Here are the different types of entities:

Let’s start with the sole proprietor. From an administrative standpoint, this is the most simplistic. There are no additional tax forms, as the income is reported on your 1040, however, this essentially is an extension of you personally, and any income from these operations are considered Self Employment income and come with an additional Self Employment Tax in addition to your regular income tax rate. Self Employent Tax can be estimated at approx. 15% of the self-employment income. The drawback here is there is no liablitity protection in the event of litigation.

The next option, is an LLC. They have become a very popular business form for new entities, and many existing entities have converted to this form. They exist in some form in every state. They combine limited liability features of corporations and pass through characteristics of partnerships and S corps, but are more flexible than S corps. For federal tax purposes, LLC’s are treated as partnerships (unless they elect otherwise). There is one exception, a Single-Member LLC, which retains the liability protection, but is taxed as a sole-proprietor. The profit from these entities also trigger Self-Employment tax.

Finally, Corporations: The S Corp (so named from a chapter of the tax code) is a regular corporation with regular limited liability, whose owners elect “pass through” status meaning the corporation itself pays no tax.

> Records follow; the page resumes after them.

Lemma sub_phi_closure : U `<=` phi_closure U.
Proof.
move=> X UX; split=> [|e e0]; first exact: U_sub.
by exists X => //; rewrite setYK phi0 ltW.
Qed.

Lemma phi_closureC : setC_closed (phi_closure U).
Proof.
move=> X [BX aX]; split=> [|e /aX[Y UY XYe]]; first exact: BsetC.
exists (~` Y); first exact: UC.
suff -> : ~` X `+` ~` Y = X `+` Y by [].
apply/seteqP; split=> x /=;
  by have [] := pselect (X x); have [] := pselect (Y x); tauto.
Qed.

Lemma phi_closureU : setU_closed (phi_closure U).
Proof.
move=> X1 X2 [BX1 aX1] [BX2 aX2]; split=> [|e e0]; first exact: BsetU.
have e2 : 0 < e / 2 by rewrite divr_gt0.
have [Y1 UY1 le1] := aX1 _ e2; have [Y2 UY2 le2] := aX2 _ e2.
exists (Y1 `|` Y2); first exact: UU.
have [BY1 BY2] := (U_sub UY1, U_sub UY2).
apply: le_trans (_ : phi ((X1 `+` Y1) `|` (X2 `+` Y2)) <= _).
  apply: phi_mono; [apply: BsetY; exact: BsetU | apply: BsetU; exact: BsetY |].
  by move=> x /=; tauto.
apply: le_trans (phi_setU_le (BsetY BX1 BY1) (BsetY BX2 BY2)) _.
by rewrite [e]splitr; exact: lerD.
Qed.

Lemma phi_closure_closed X : B X ->
    (forall e, 0 < e -> exists2 Z, phi_closure U Z & phi (X `+` Z) <= e) ->
  phi_closure U X.
Proof.
move=> BX aX; split=> // e e0; have e2 : 0 < e / 2 by rewrite divr_gt0.
have [Z [BZ aZ] XZ] := aX _ e2; have [Y UY ZY] := aZ _ e2.
exists Y => //; apply: le_trans (phi_setY_triangle BX BZ (U_sub UY)) _.
by rewrite [e]splitr; exact: lerD.
Qed.

Hypothesis phi_cont : forall X : (set T)^nat, (forall n, B (X n)) ->
  (forall n, X n.+1 `<=` X n) -> phi (X n) @[n --> \oo] --> phi (\bigcap_n X n).

Lemma phi_closure_bigcup (A : (set T)^nat) :
  (forall n, phi_closure U (A n)) -> phi_closure U (\bigcup_n A n).
Proof.
move=> aA; have BA n : B (A n) by case: (aA n).
pose Y n := \big[setU/set0]_(j < n) A j.
have YS n : Y n.+1 = Y n `|` A n by rewrite /Y big_ord_recr.
have aY n : phi_closure U (Y n).
  elim: n => [|n IH]; first by rewrite /Y big_ord0; exact: sub_phi_closure.
  by rewrite YS; exact: phi_closureU.
have BY n : B (Y n) by case: (aY n).
set X := \bigcup_n A n.
have BX : B X by case: salgB => _ _; apply.
have YX n : Y n `<=` X by exact: bigsetU_bigcup.
have BXY n : B (X `\` Y n).
  by rewrite setDE; apply: sigma_algebra_setI_closed => //; exact: BsetC.
have XYdec n : X `\` Y n.+1 `<=` X `\` Y n.
  by apply: setDS; rewrite YS; exact: subsetUl.
have XYcap : \bigcap_n (X `\` Y n) = set0.
  apply/seteqP; split=> // x XYx; have [[j _ Ajx] _] := XYx 0%N I.
  by have [_] := XYx j.+1 I; apply; exact: (bigsetU_sup (ltnSn j)).
have := phi_cont BXY XYdec; rewrite XYcap phi0 => /cvgr_dist_le cv.
apply: phi_closure_closed => // e /cv[N _ /(_ N (leqnn N))].
rewrite sub0r normrN => le.
have YNX : Y N `\` X = set0 by rewrite setD_eq0.
exists (Y N) => //; rewrite setY_def YNX setU0.
exact: le_trans (ler_norm _) le.
Qed.

Lemma sigma_algebra_phi_closure : sigma_algebra setT (phi_closure U).
Proof.
split=> [|X /phi_closureC|]; first exact: sub_phi_closure.
- by rewrite setTD.
- exact: phi_closure_bigcup.
Qed.

End phi_closure.

End submodular.

Lemma truncn_eq_dist_lt (R : archiRealFieldType) (a b : R) : 0 <= a -> 0 <= b ->
  Num.truncn a = Num.truncn b -> `|a - b| < 1.
Proof.
move=> a0 b0 ab; have /andP[a1 a2] := truncn_itv a0.
have /andP[b1 b2] := truncn_itv b0.
rewrite ab -natr1 in a1 a2; rewrite -natr1 in b2.
rewrite ltr_norml; apply/andP; split; lra.
Qed.

Lemma finite_partition_small_diameter (R : archiRealFieldType) (I : Type)
    (K : finType) (v : I -> K -> R) (M d : R) :
  0 < d -> (forall i x, 0 <= v i x <= M) ->
  exists (C : finType) (cell : I -> C),
    forall i j, cell i = cell j -> forall x, `|v i x - v j x| <= d.
Proof.
move=> d0 vM; pose L := (Num.truncn (M / d)).+1.
have vL i x : (Num.truncn (v i x / d) < L)%N.
  have /andP[vi0 viM] := vM i x.
  by rewrite ltnS le_truncn // ler_pM2r ?invr_gt0.
have vd0 i x : 0 <= v i x / d.
  by have /andP[vi0 _] := vM i x; rewrite divr_ge0 // ltW.
exists {ffun K -> 'I_L}, (fun i => [ffun x => inord (Num.truncn (v i x / d))]).
move=> i j /ffunP cij x; have := cij x; rewrite !ffunE => /(congr1 val).
rewrite /= !inordK // => /(truncn_eq_dist_lt (vd0 i x) (vd0 j x)).
by rewrite -mulrBl normrM normfV (gtr0_norm d0) ltr_pdivrMr // mul1r => /ltW.
Qed.

Lemma partition_index (T : Type) (I : eqType) (P : I -> set T) :
    (forall i j, i != j -> P i `&` P j = set0) ->
    \bigcup_(i in setT) P i = setT ->
  {f : T -> I | forall i, P i = f @^-1` [set i]}.
Proof.
move=> Pdisj Pcov; have cover x : exists i, P i x.
  by have : setT x by []; rewrite -Pcov => -[i _ Pix]; exists i.
exists (fun x => sval (cid (cover x))) => i.
apply/seteqP; split=> x /=; last first.
  by move=> <-; exact: (svalP (cid (cover x))).
move=> Pix; have Pfx := svalP (cid (cover x)); apply: contrapT => /eqP/Pdisj.
by move=> /seteqP[/(_ x (conj Pfx Pix))].
Qed.

Lemma partition_index_refine (T : Type) (I J : eqType) (P : I -> set T)
    (Q : J -> set T) (f : T -> I) (g : T -> J) :
    (forall i, P i = f @^-1` [set i]) -> (forall j, Q j = g @^-1` [set j]) ->
    (forall j, exists i, Q j `<=` P i) ->
  exists h : J -> I, forall x, f x = h (g x).
Proof.
move=> Pf Qg /choice[h QP]; exists h => x.
have Qgx : Q (g x) x by rewrite Qg.
by have := QP _ _ Qgx; rewrite Pf.
Qed.

Lemma quot_partE (R : realType) (T : Type) (phi : set T -> R) m
    (P : 'I_m -> set T) (f : T -> 'I_m) :
  (forall i, P i = f @^-1` [set i]) ->
  forall S, quot_part phi P S = phi (f @^-1` S).
Proof.
move=> Pf S; congr phi; apply/seteqP; split=> [x [i Si]|x Sx].
  by rewrite Pf /= => ->.
by exists (f x); rewrite ?Pf.
Qed.
(* Let $f:D\to\{0,1\}$, $D\subseteq\{0,1\}^n$, be an $n$-bit partial Boolean function that depends on $n$ bits. Then $f$ can be computed exactly by a quantum 1-query algorithm if and only if either $n=1$, $D=\{0,1\}$ and $f(x)=x_1$ or $f(x)=1\oplus x_1$; or $n=2$, $D\subseteq\{0,1\}^2$ with $|D|\in\{3,4\}$, and $f(x)=x_1\oplus x_2$ or $f(x)=1\oplus x_1\oplus x_2$ for all $x\in D$.
   Context: An $n$-bit partial Boolean function is a map $f:D\to\{0,1\}$ with $D\subseteq\{0,1\}^n$. A multilinear polynomial $p$ in $x_1,\dots,x_n$ represents $f$ if $p(x)=f(x)$ for all $x\in D$. $f$ depends on $k$ bits if $k$ is the minimum, over all multilinear polynomials representing $f$, of the number of variables occurring in the polynomial. A quantum 1-query algorithm works in a finite-dimensional Hilbert space with orthonormal basis $\{|i,j'\rangle\}$, $i\in\{0,1,\dots,n\}$, $j'$ in a finite set; for input $x$ the oracle is $O_x|i,j'\rangle=(-1)^{x_i}|i,j'\rangle$ for $i\ge1$ and $O_x|0,j'\rangle=|0,j'\rangle$. The algorithm applies input-independent unitaries $U_0$, then $O_x$, then $U_1$ to an initial state $|\psi_0\rangle$ and performs a projective measurement with outcomes in $\{0,1\}$; it computes $f$ exactly if for every $x\in D$ the outcome is $f(x)$ with probability 1. *)

From mathcomp Require Import all_boot all_algebra.
From mathcomp Require Import Rstruct.
From mathcomp.real_closed Require Import complex.
Set Implicit Arguments. Unset Strict Implicit. Unset Printing Implicit Defensive.
Import GRing.Theory Num.Theory.
Local Open Scope ring_scope.

Definition C : numClosedFieldType := Rdefinitions.R[i].
Definition RR : realFieldType := Rdefinitions.R.

(** Inputs x in {0,1}^n ; variable x_{k+1} is [x (k : 'I_n)]. *)
Notation bits n := {ffun 'I_n -> bool}.

(** [xb x k] is the bit x_{k+1} (0-based index k), false if k >= n. *)
Definition xb n (x : bits n) (k : nat) : bool :=
  if insub k is Some i then x i else false.

Definition mlpoly (n : nat) := {set 'I_n} -> RR.

Definition mleval n (p : mlpoly n) (x : bits n) : RR :=
  \sum_(S : {set 'I_n}) p S * \prod_(i in S) (x i)%:R.

Definition represents n (D : {set bits n}) (f : bits n -> bool) (p : mlpoly n) : Prop :=
  forall x, x \in D -> mleval p x = (f x)%:R.

Definition mlvars n (p : mlpoly n) : {set 'I_n} :=
  [set i : 'I_n | [exists S : {set 'I_n}, (p S != 0) && (i \in S)]].

Definition depends_on_bits n (D : {set bits n}) (f : bits n -> bool) (k : nat) : Prop :=
  (exists p : mlpoly n, represents D f p /\ #|mlvars p| = k) /\
  (forall p : mlpoly n, represents D f p -> (k <= #|mlvars p|)%N).

(** ---- Quantum 1-query algorithms ----
    Hilbert space with orthonormal basis |i, j'>, i in {0..n}, j' in 'I_m. *)
Definition QIdx (n m : nat) : finType := ('I_n.+1 * 'I_m)%type.
Definition qdim (n m : nat) : nat := #|{: QIdx n m}|.

Definition adj (p q : nat) (M : 'M[C]_(p, q)) : 'M[C]_(q, p) := (map_mx Num.conj M)^T.

Definition unitary d (U : 'M[C]_d) : Prop := U *m adj U = 1%:M.

Definition sqnorm d (v : 'cV[C]_d) : C := \sum_(k < d) `|v k 0| ^+ 2.

Definition proj_meas d (P0 P1 : 'M[C]_d) : Prop :=
  [/\ P0 + P1 = 1%:M, P0 *m P0 = P0, P1 *m P1 = P1, adj P0 = P0 & adj P1 = P1].

(** The oracle O_x |i,j'> = (-1)^{x_i} |i,j'> for i >= 1, and |0,j'> -> |0,j'>. *)
Definition oracle n m (x : bits n) : 'M[C]_(qdim n m) :=
  diag_mx (\row_(k < qdim n m)
     (if unlift ord0 (enum_val k : QIdx n m).1 is Some j then (-1) ^+ (x j) else 1)).

Definition exact_1query n (D : {set bits n}) (f : bits n -> bool) : Prop :=
  exists (m : nat) (psi0 : 'cV[C]_(qdim n m)) (U0 U1 P0 P1 : 'M[C]_(qdim n m)),
    [/\ sqnorm psi0 = 1, unitary U0, unitary U1, proj_meas P0 P1 &
        forall x, x \in D ->
          sqnorm ((if f x then P1 else P0) *m (U1 *m (oracle m x *m (U0 *m psi0)))) = 1].

(* If f depends on all n bits, Mobius inversion on the subset
   lattice shows that f is sensitive to every bit: for each i some x, y in D
   differ only at bit i and f x <> f y.  For an exact algorithm with query state
   v = U0 psi0, the measurement forces O_x v and O_y v to be orthogonal whenever
   f x <> f y; their inner product is |v|^2 - 2 sum_{j : x_j <> y_j} W_j, where the
   query weights W_j of v sum to at most 1.  Sensitivity gives W_j = 1/2 for all j,
   hence n <= 2, and every value change inside D is a single bit flip, so f is
   the parity of its input up to a constant.  Sensitivity to one (two) bits puts
   two (three) inputs in D, which is the whole cube when n = 1.

   Query the superposition of two basis states (no query and x_1
   for n = 1, x_1 and x_2 for n = 2) and test whether the state is unchanged:
   this measures whether the two phases agree, i.e. the xor of the phase bits. *)
From mathcomp Require Import all_boot all_algebra.
From Stdlib Require Import Classical.
From mathcomp Require Import zify.
Set Implicit Arguments. Unset Strict Implicit. Unset Printing Implicit Defensive.
Import GRing.Theory Num.Theory.
Local Open Scope ring_scope.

The profit is passed through to the owner and the tax is paid on the owner’s 1040. Corporations whose owners don’t choose to make the federal S corp. election-that choose to be taxed as corporations-are called C corps and pay tax a higher corporate tax rates. The benefit here is there is no self-employment tax on the profits.

*Please keep in mind this post is for informational purposes only and answers given are very general. Many things depend on individual circumstances. Please contact your personal accountant or financial advisor for your particular situation.

photo credit: austinpost.org

{ 1 comment… read it below or add one }

Melissa May 13, 2011 at 2:53 pm

I think this summary oversimplifies the filing requirements of an S Corp. Yes, it is true that the income flows through to the individual and is not subject to SE tax, but you are also required to pay yourself what the IRS refers to as reasonable compensation. In this case, you have to file payroll returns and W-2′s, etc… By electing S Corp status, you cannot get out of paying your portion of SE tax on your earnings. It’s just reported in a different way, through payroll.